A Dutch Holocaust classic about Jewish children facing death, first published in 1946, now translated into English for the first time by Terese Edelstein and Inez Smidt. Before reaching their teens, almost one million Jewish children were murdered by the Nazis and their collaborators. Asscher-Pinkhof was a Jewish widow in Amsterdam who supported her six children as a translator and writer of novels and children's stories. Once Holland fell, the Nazis murdered 105,000 Dutch Jews, while some 40,000 Jews from other countries who had fled to Holland for safety were also murdered. One morning in 1943 Asscher-Pinkhof woke ""and on my lips were the words 'Star Children'."" These were the children with the Jewish star, the dead and the living. ""I knew at that moment that I had to be their voice--that I had to speak out and say what they had felt and suffered."" She wrote the first two parts of this book while living in the Amsterdam ghetto (""Star City""), entrusted the manuscript to her publisher and promised that if she survived the war she would finish the book.
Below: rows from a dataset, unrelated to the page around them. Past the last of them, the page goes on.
Lemma Dxx_expand (a : expo) i j : i != j -> ((a i).+1 < p)%N -> ((a j).+1 < p)%N ->
  Dxx a i j = (a j).+1%:R *: monW (inc_at a i) i - (a i).+1%:R *: monW (inc_at a j) j.
Proof.
move=> neq_ij lt_ai lt_aj; have neq_ji : (j == i) = false by rewrite eq_sym (negbTE neq_ij).
rewrite /Dxx Dij_monA !inc_at2E // !eqxx (negbTE neq_ij) neq_ji /= !addn0 !addn1.
by congr (_ *: monW _ _ - _ *: monW _ _); apply: expoP => t;
  rewrite dec_atE inc_at2E // inc_atE //; lia.
Qed.

Lemma Dxx_swap (a : expo) i j : i != j -> ((a i).+1 < p)%N -> ((a j).+1 < p)%N ->
  Dxx a j i = - Dxx a i j.
Proof.
move=> neq_ij lt_ai lt_aj; have neq_ji : j != i by rewrite eq_sym.
by rewrite !Dxx_expand // opprB.
Qed.

Lemma Dxx_chain (a : expo) k m l : k != m -> m != l -> k != l ->
  ((a k).+1 < p)%N -> ((a m).+1 < p)%N -> ((a l).+1 < p)%N ->
  (a m).+1%:R *: Dxx a k l = (a l).+1%:R *: Dxx a k m + (a k).+1%:R *: Dxx a m l.
Proof.
move=> km ml kl lt_ak lt_am lt_al; rewrite !Dxx_expand // !scalerBr !scalerA.
rewrite [(a l).+1%:R * (a m).+1%:R]mulrC [(a l).+1%:R * (a k).+1%:R]mulrC.
by rewrite [(a k).+1%:R * (a m).+1%:R]mulrC addrA subrK.
Qed.

Local Notation ltI := (fun i j : 'I_n => (i < j)%N).
Local Notation adjacent a i j := ((i, j) \in zip (Omega a) (behead (Omega a))).

Let ltI_trans : transitive ltI := fun j i k => @ltn_trans j i k.

Lemma mem_Omega (a : expo) i : (i \in Omega a) = ((a i).+1 < p)%N.
Proof.
rewrite mem_filter mem_enum andbT; have := ltn_ord (a i).
by case: (a i : nat) => [|m] /=; lia.
Qed.

Lemma sorted_Omega (a : expo) : sorted ltI (Omega a).
Proof.
apply: sorted_filter => //.
by have := iota_ltn_sorted 0 n; rewrite -val_enum_ord sorted_map.
Qed.

Lemma Omega_adjacent (a : expo) i j : adjacent a i j ->
  [/\ (i < j)%N, ((a i).+1 < p)%N & ((a j).+1 < p)%N].
Proof.
case/(zip_beheadP i) => t lt_t [ei ej]; rewrite -!mem_Omega; split.
- rewrite ei ej; apply: (sorted_ltn_nth ltI_trans i (sorted_Omega a));
    by rewrite ?inE ?ltnSn //; apply: ltnW.
- by rewrite ei mem_nth 1?ltnW.
- by rewrite ej mem_nth.
Qed.
Lemma is_RInt_first_identity x : 0 <= x < 1 ->
  is_RInt (fun y => (1 - tau y) / (1 - y + hh tau y)) 0 x (cc - ff_inv x).
Proof.
  intros Hx. pose proof cc_bounds.
  assert (Hpos : 0 < ff_inv x) by (rewrite <- tau_ff_inv by lra; apply tau_pos; lra).
  set (phi := fun t => (1 - t) ^ 2 * (1 - cc + t) / (t * (2 - t))).
  apply (is_RInt_ext (fun y => phi (ff_inv y))).
  - rewrite Rmin_left, Rmax_right by lra. intros y Hy.
    change (phi (ff_inv y) = (1 - tau y) / (1 - y + hh tau y)).
    pose proof (tau_pos y ltac:(lra)). pose proof (tau_spec y ltac:(lra)).
    rewrite one_sub_add_hh, <- tau_ff_inv by lra. unfold phi.
    field; repeat split; lra.
  - replace (cc - ff_inv x) with (- ff_inv x - - cc) by ring.
    apply (is_RInt_comp_ff_inv phi Ropp); [lra| |].
    + intros t Ht. apply (ex_derive_continuous (K := R_AbsRing) (V := R_NormedModule)).
      unfold phi. auto_derive. apply Rmult_integral_contrapositive; split; lra.
    + intros t Ht. auto_derive; [exact I|]. unfold ff', phi. field; repeat split; lra.
Qed.

(* [t ff t - ff_antideriv t] is a primitive of [t ff' t]: integration by parts. *)
Lemma is_RInt_second_identity : is_RInt tau 0 1 (1 - cc).
Proof.
  pose proof cc_bounds.
  apply (is_RInt_ext (fun y => ff_inv y)).
  { rewrite Rmin_left, Rmax_right by lra. intros y Hy. symmetry. apply tau_ff_inv; lra. }
  set (K := fun t => t * ff t - ff_antideriv t).
  replace (1 - cc) with (K (ff_inv 1) - K cc)
    by (unfold K; rewrite ff_inv_1, ff_cc, <- ff_antideriv_cc_sub_0; ring).
  apply (is_RInt_comp_ff_inv (fun t => t) K); [lra| |].
  - intros t _. apply continuous_id.
  - intros t Ht. rewrite ff_inv_1 in Ht. unfold K.
    replace (ff' t * t) with (1 * ff t + t * ff' t - ff t) by ring.
    apply (is_derive_minus (fun t => t * ff t) ff_antideriv).
    + apply (is_derive_mult (fun t => t) ff);
        [exact (is_derive_id (K := R_AbsRing) t) | apply is_derive_ff; lra | apply Rmult_comm].
    + apply is_derive_ff_antideriv; lra.
Qed.

Lemma is_RInt_third_identity x : 0 <= x < 1 ->
  is_RInt (fun y => / (1 - y + hh tau y)) 0 x (ln (1 - ff_inv x) - ln (1 - cc)).
Proof.
  intros Hx. pose proof cc_bounds.
  assert (Hpos : 0 < ff_inv x) by (rewrite <- tau_ff_inv by lra; apply tau_pos; lra).
  set (phi := fun t => (1 - t) * (1 - cc + t) / (t * (2 - t))).
  apply (is_RInt_ext (fun y => phi (ff_inv y))).
  - rewrite Rmin_left, Rmax_right by lra. intros y Hy.
    change (phi (ff_inv y) = / (1 - y + hh tau y)).
    pose proof (tau_pos y ltac:(lra)). pose proof (tau_spec y ltac:(lra)).
    rewrite one_sub_add_hh, <- tau_ff_inv by lra. unfold phi.
    field; repeat split; lra.
  - apply (is_RInt_comp_ff_inv phi (fun t => ln (1 - t))); [lra| |].
    + intros t Ht. apply (ex_derive_continuous (K := R_AbsRing) (V := R_NormedModule)).
      unfold phi. auto_derive. apply Rmult_integral_contrapositive; split; lra.
    + intros t Ht. auto_derive; [lra|]. unfold ff', phi. field; repeat split; lra.
Qed.
(* Let $(G(f,g),h)$ and $(G(\bar f,\bar g),\bar h)$ be two $U(1)$-invariant gradient steady Ricci solitons on $E$, with $h=h(s)$ and $\bar h=\bar h(s)$, whose metrics extend smoothly over the zero section. Suppose $g(0)=\bar g(0)$, and suppose the two constants agree: $\mathcal C=\bar{\mathcal C}>0$. Then $(G(f,g),h_s)=(G(\bar f,\bar g),\bar h_s)$.
   Context: $(B^d,\check g,\check J,\check\omega)$ is a Fano Kähler–Einstein manifold of real dimension $d$ with $\mathrm{Rc}(\check g)=(d+2)\check g$. $E\to B$ is a complex line bundle with $c_1(E)=q\,c_1(B)$ in $H^2(B;\mathbb R)$ for some $q\in\mathbb R$, and $P\to B$ is the associated principal $U(1)$-bundle. Then $E=([0,\infty)\times P)/\!\sim$, where the circles over $\{0\}\times P$ are collapsed, and $E\setminus B_0\cong(0,\infty)\times P$, with $B_0$ the zero section. For $a,b>0$, $\hat g(a,b)$ is the metric on $P$ making $P\to(B,b^2\check g)$ a Riemannian submersion with totally geodesic fibers of length $2\pi a$ and with horizontal distribution that of the $U(1)$-connection with curvature $q(d+2)\check\omega$. With $s$ the coordinate on $(0,\infty)$, $G(f,g)=ds^2+\hat g(f(s),g(s))$ for positive functions $f,g$. A gradient steady soliton of this form satisfies $\mathrm{Rc}(G)=\nabla^2h$. Its scalar curvature satisfies $S+h_s^2\equiv\mathcal C$ for a constant $\mathcal C$; since $h_s(0)=0$, $\mathcal C$ is the maximal scalar curvature. *)

From Stdlib Require Import Reals.
Open Scope R_scope.

Definition is_deriv (F F' : R -> R) : Prop :=
  forall x, derivable_pt_lim F x (F' x).
(* Let $\Delta_{1,0}=\{A=(a_{ij})\in SL_3(\mathfrak{o}) : (a_{21}\neq 0\text{ or }a_{31}\neq0)\text{ and } a_{21}a_{32}-a_{22}a_{31}=0\}$. Then $$\Delta_{1,0}=\bigsqcup_{\substack{y_1,y_2\in Y(\mathfrak{o})\\ y_2\neq I_2}}\ \bigsqcup_{d\in D(3)}\ \bigsqcup_{u\in U(3)} \varphi_2(y_1^{-1})\,\varphi_1(y_2^{-1})\,d\,u\,\Gamma_\infty(3),$$ i.e. $\Delta_{1,0}$ is the union of these sets and they are pairwise disjoint for distinct tuples $(y_1,y_2,d,u)$.
   Context: Let $\omega=e^{2\pi i/3}$, $\mathfrak{o}=\mathbb{Z}[\omega]$, $\mathfrak{o}^\times$ its unit group. Fix representatives of nonzero elements modulo units (''$c\in(\mathfrak{o}-\{0\})/\mathfrak{o}^\times$'') and, for each nonzero $c$, representatives of $\mathfrak{o}/c\mathfrak{o}$ (''$a\in\mathfrak{o}/c\mathfrak{o}$''). $Y(\mathfrak{o})=\{\begin{pmatrix}a&b\\c&d\end{pmatrix}\in SL_2(\mathfrak{o}) : c\in(\mathfrak{o}-\{0\})/\mathfrak{o}^\times,\ a\in\mathfrak{o}/c\mathfrak{o}\}\cup\{I_2\}$. $\Gamma(3)=\{A\in SL_3(\mathfrak{o}):A\equiv I_3\pmod{3\mathfrak{o}}\}$ (entrywise), $\Gamma_\infty(3)$ its subgroup of upper triangular unipotent matrices. $D(3)$: diagonal $\mathrm{diag}(i,j,k)$ with $i,j,k\in\mathfrak{o}$, $ijk=1$. $U(3)$: matrices $\begin{pmatrix}1&\alpha&\beta\\&1&\gamma\\&&1\end{pmatrix}$ with $\alpha,\beta,\gamma\in\{0,1,2\}+\{0,1,2\}\omega$. For $y=\begin{pmatrix}a&b\\c&d\end{pmatrix}\in SL_2(\mathfrak{o})$, $\varphi_1(y)=\begin{pmatrix}a&b&0\\c&d&0\\0&0&1\end{pmatrix}$, $\varphi_2(y)=\begin{pmatrix}1&0&0\\0&a&b\\0&c&d\end{pmatrix}$. *)

(* the ring o = Z[omega] is realised inside algC. *)
From HB Require Import structures.
From mathcomp Require Import all_boot all_order all_algebra all_field.
Set Implicit Arguments. Unset Strict Implicit. Unset Printing Implicit Defensive.
Import Order.TTheory GRing.Theory Num.Theory.
Local Open Scope ring_scope.

(* omega = e^{2 pi i/3} = (-1 + i sqrt 3)/2 *)
Definition omega : algC := (-1 + 'i * sqrtC 3) / 2.

Definition inO (z : algC) : Prop := exists x y : int, z = x%:~R + y%:~R * omega.

Definition unitO (u : algC) : Prop := inO u /\ u != 0 /\ inO u^-1.

Definition dvdO (c x : algC) : Prop := exists k, inO k /\ x = k * c.

Definition nonzero_reps (Crep : algC -> Prop) : Prop :=
  (forall c, Crep c -> inO c /\ c != 0) /\
  (forall c, inO c -> c != 0 ->
     exists! c', Crep c' /\ exists u, unitO u /\ c' = u * c).

Definition residue_reps (Crep : algC -> Prop) (Arep : algC -> algC -> Prop) : Prop :=
  forall c, Crep c ->
    (forall a, Arep c a -> inO a) /\
    (forall x, inO x -> exists! a, Arep c a /\ dvdO c (x - a)).
(* Let $\mathcal{D}=(\mathcal{G}, X, Z, T, T', Y, Y')$ be random quantities on a probability space whose joint distribution (with densities, denoted generically by $p$) follows the causal structure of the Bayesian network with edges $X\to Z$, $\mathcal{G}\to Z$, $Z\to Y$, $T\to Y$, $Z\to Y'$, $T'\to Y'$, and optionally $X\to \mathcal{G}$, $X\to T$, $X\to T'$; that is, the joint density factorizes as $$p(\mathcal{G}, X, Z, T, T', Y, Y') = p(X)\,p(\mathcal{G}\mid X)\,p(T\mid X)\,p(T'\mid X)\,p(Z\mid \mathcal{G}, X)\,p(Y\mid Z, T)\,p(Y'\mid Z, T'),$$ where the factors $p(\mathcal{G}\mid X)$, $p(T\mid X)$, $p(T'\mid X)$ may or may not actually depend on $X$. Define $$J(\mathcal{D}) = \log p(Y'\mid Y, \mathcal{G}, X, T, T') + \log p(Y\mid \mathcal{G}, X, T).$$ Then $$J(\mathcal{D}) \ge \mathbb{E}_{p(Z\mid Y, \mathcal{G}, X, T)} \log p(Y\mid Z, T) + \log p(Y'\mid \mathcal{G}, X, T') - \mathrm{KL}\big[p(Z\mid Y, \mathcal{G}, X, T)\,\big\|\, p(Z\mid Y', \mathcal{G}, X, T')\big].$$
   Context: $Y\in\mathbb{R}^n$ is an outcome vector (e.g. gene expressions), $X$ is a vector of covariates, $T$ is a treatment, $Z\in\mathbb{R}^d$ is an unobserved latent feature vector, $T'$ is a counterfactual treatment and $Y'$ the corresponding counterfactual outcome (unobserved). $\mathcal{G}=(\mathcal{V},\mathcal{E})$ is a graph with node feature matrix $\mathcal{V}\in\mathbb{R}^{n\times v}$ and adjacency matrix $\mathcal{E}\in\{0,1\}^{n\times n}$, treated as a (possibly deterministic) random variable. $\mathrm{KL}$ denotes Kullback–Leibler divergence, and all conditional densities appearing are assumed to exist and be positive. *)

From HB Require Import structures.
From mathcomp Require Import all_boot all_order all_algebra.
From mathcomp Require Import all_classical all_reals all_analysis.
Set Implicit Arguments. Unset Strict Implicit. Unset Printing Implicit Defensive.
Import Order.TTheory GRing.Theory Num.Theory.
Local Open Scope ring_scope.
Local Open Scope ereal_scope.

(* The factor densities are
     pX x, pG x g = p(g|x), pT x t = p(t|x), pT' x t' = p(t'|x),
     pZ g x z = p(z|g,x), pY z t y = p(y|z,t), pY' z t' y' = p(y'|z,t').
   All other (marginal / conditional) densities are DERIVED from the joint density
   by marginalisation (nested integrals) and ratios. *)

Section Model.
Context {R : realType} {dG dX dZ dT dY : measure_display}
  {TG : measurableType dG} {TX : measurableType dX} {TZ : measurableType dZ}
  {TT : measurableType dT} {TY : measurableType dY}.
Variables (muG : {measure set TG -> \bar R}) (muX : {measure set TX -> \bar R})
  (muZ : {measure set TZ -> \bar R}) (muT : {measure set TT -> \bar R})
  (muY : {measure set TY -> \bar R}).
Variables (pX : TX -> R) (pG : TX -> TG -> R) (pT pT' : TX -> TT -> R)
  (pZ : TG -> TX -> TZ -> R) (pY pY' : TZ -> TT -> TY -> R).

Definition joint (g : TG) (x : TX) (z : TZ) (t t' : TT) (y y' : TY) : R :=
  (pX x * pG x g * pT x t * pT' x t' * pZ g x z * pY z t y * pY' z t' y')%R.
She was sent to Westerbork (""Star Desert""), a camp, where she formed a tie with a child whom she subsequently accompanied to Bergen-Belsen (""Star Hell""). Later she and the child were released and in Palestine she finished her book. The book is formed of 53 brief, often very moving and poetic vignettes seen from a child's viewpoint and told in a child's words. In the beginning mothers are too distracted to keep their children indoors; they're worried ""about the father who was taken, about the other street where dear ones lived. . .[T] he children had free play."" The children are proud of their new orange stars with the word ""Jew"" on them. Soon enough they are plunged into the horrors of the camps. At book's end only a handful are left alive to tear off their stars, from among ""crowds of star children who did not live long and happily, whose stars were torn off by God himself and placed among the other stars in the heavens, as eternal evidence."" Stirring. With photographs.